The earlier your startup, the worse the optics of saying that you’re going to dominate your market by sprinkling machine learning on your product. If you have terabytes of unique data and claim that it will unlock the portal to Machine Learning Narnia, or if you have a unique approach and track record that indicates true expertise, reasonable listeners will hear you out and not immediately assume that you’re full of it. But if your non-specialized team is trying to raise some kind of seed fundraising on the back of a machine learning story (“We’re just going to do X, but with ML”), then it should be obvious that you don’t have anything vaguely proprietary. At best, you look overly optimistic; at worst, you look like you have no idea what ML actually entails. Unfortunately, some people will pump you up and make you believe that this strategy is viable – the rest will roll their eyes at your “.ai” domain once you leave the room.
Why does this happen? I think it’s because the talk track “we’re going to do X but with AI” does work on a certain kind of unsophisticated observer. If boasting about ML products is like driving a McLaren, there are indeed investors / buyers who are the equivalent of someone who is really, really captivated by a fancy car. You can’t count on this to be an enduring advantage.
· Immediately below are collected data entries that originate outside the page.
Definition b_m (R : realType) (n p : nat) (X : 'M[R]_(n, p)) (nu : nat -> nat)
  (Om : 'M[R]_n) (m : nat) : R :=
  \tr ((Pm X nu m - Pm X nu m.-1) *m Om).

Definition theta (R : realType) (n p : nat) (X : 'M[R]_(n, p)) (nu : nat -> nat)
  (mu : 'cV[R]_n) (Om : 'M[R]_n) (m : nat) : R :=
  a_m X nu mu m / (n%:R * b_m X nu Om m).

Definition yvec (R : realType) d (T : measurableType d) (P : probability T R)
  (n : nat) (mu : 'cV[R]_n) (eps : 'I_n -> {RV P >-> R}) (om : T) : 'cV[R]_n :=
  mu + \col_i (eps i om).

Definition avg_est (R : realType) (n p : nat) (X : 'M[R]_(n, p)) (nu : nat -> nat)
  (M : nat) (w : nat -> R) (y : 'cV[R]_n) : 'cV[R]_n :=
  \sum_(1 <= m < M.+1) (w m *: (Pm X nu m *m y)).

Definition risk (R : realType) d (T : measurableType d) (P : probability T R)
  (n p : nat) (X : 'M[R]_(n, p)) (nu : nat -> nat) (M : nat)
  (mu : 'cV[R]_n) (eps : 'I_n -> {RV P >-> R}) (w : nat -> R) : \bar R :=
  ('E_P[(fun om => (\sum_(i < n)
         ((avg_est X nu M w (yvec mu eps om) - mu) i 0) ^+ 2)%R)])%E.

(* W_n: weights in [0,1]^M summing to one (only w_1..w_M matter). *)
Definition inW (R : realType) (M : nat) (w : nat -> R) : Prop :=
  (forall m, (1 <= m <= M)%N -> 0 <= w m <= 1) /\ \sum_(1 <= m < M.+1) w m = 1.

Definition inQ (R : realType) (M : nat) (w : nat -> R) : Prop :=
  forall m, (1 <= m <= M)%N -> 0 <= w m <= 1.

Definition gam (R : realType) (n p : nat) (X : 'M[R]_(n, p)) (nu : nat -> nat)
  (mu : 'cV[R]_n) (Om : 'M[R]_n) (m : nat) : R :=
  if (m <= 1)%N then 1
  else a_m X nu mu m / (a_m X nu mu m + b_m X nu Om m).

Definition wstar (R : realType) (n p : nat) (X : 'M[R]_(n, p)) (nu : nat -> nat)
  (mu : 'cV[R]_n) (Om : 'M[R]_n) (M : nat) (m : nat) : R :=
  if (m < M)%N then gam X nu mu Om m - gam X nu mu Om m.+1
  else gam X nu mu Om M.

From mathcomp Require Import all_boot all_order all_algebra.
From mathcomp Require Import all_classical all_reals all_analysis.
From mathcomp Require Import zify ring lra.
Import Order.TTheory GRing.Theory Num.Theory.
Local Open Scope ring_scope.
Set Implicit Arguments. Unset Strict Implicit. Unset Printing Implicit Defensive.

(* The increments P_k - P_(k-1) (1 <= k <= M) and I - P_M are pairwise
   orthogonal projections summing to the identity.  Summation by parts writes
   sum_m w_m P_m as sum_k g_k (P_k - P_(k-1)) with tail sums g_k = sum_(m >= k) w_m,
   so the risk separates into
     sum_k ((1 - g_k)^2 a_k + g_k^2 b_k) + mu^T (I - P_M) mu.
   Each summand is minimised at g_k = a_k / (a_k + b_k) with value
   a_k b_k / (a_k + b_k).  The ordering of theta makes these minimisers
   nonincreasing in k, so they are the tail sums of weights in [0,1]^M.
   On W_n the constraint g_1 = 1 only replaces the first summand by
   b_1 = tr(P_1 Omega). *)

Section GramMatrix.
Variable R : realFieldType.

Lemma rowv_mulmx_tr_eq0 k (u : 'rV[R]_k) : (u *m u^T) 0 0 = 0 -> u = 0.
Proof.
rewrite mxE => /eqP; rewrite psumr_eq0 => [/allP u0|j _]; last first.
  by rewrite !mxE -expr2 sqr_ge0.
apply/rowP => j; rewrite mxE; apply/eqP.
by have := u0 j (mem_index_enum j); rewrite !mxE -expr2 sqrf_eq0.
Qed.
Where Machine Learning Matters
Where I’ve seen machine learning make the biggest difference is in extending a lead that you’ve already earned. An example of where ML can really set a product apart is Photoshop’s ability to do automatic skin smoothing and sky replacement. This is some hardcore stuff, and Adobe has checked the box on the narrow domain where ML products can make a huge difference:
They have the data and team to solve this problem well
They have a platform (Photoshop itself!) where automatic image manipulation software can be plugged in to add significant value
You can actually observe that their technology works.
Photoshop already exists as the most sophisticated graphics editing software, so adding more sophisticated features on top of it extends their advantage on the market
Due to the technical moats that it can create machine learning functionality can be a great accelerant when it works well. But you simply can’t rely on it to be the singular differentiator for your business.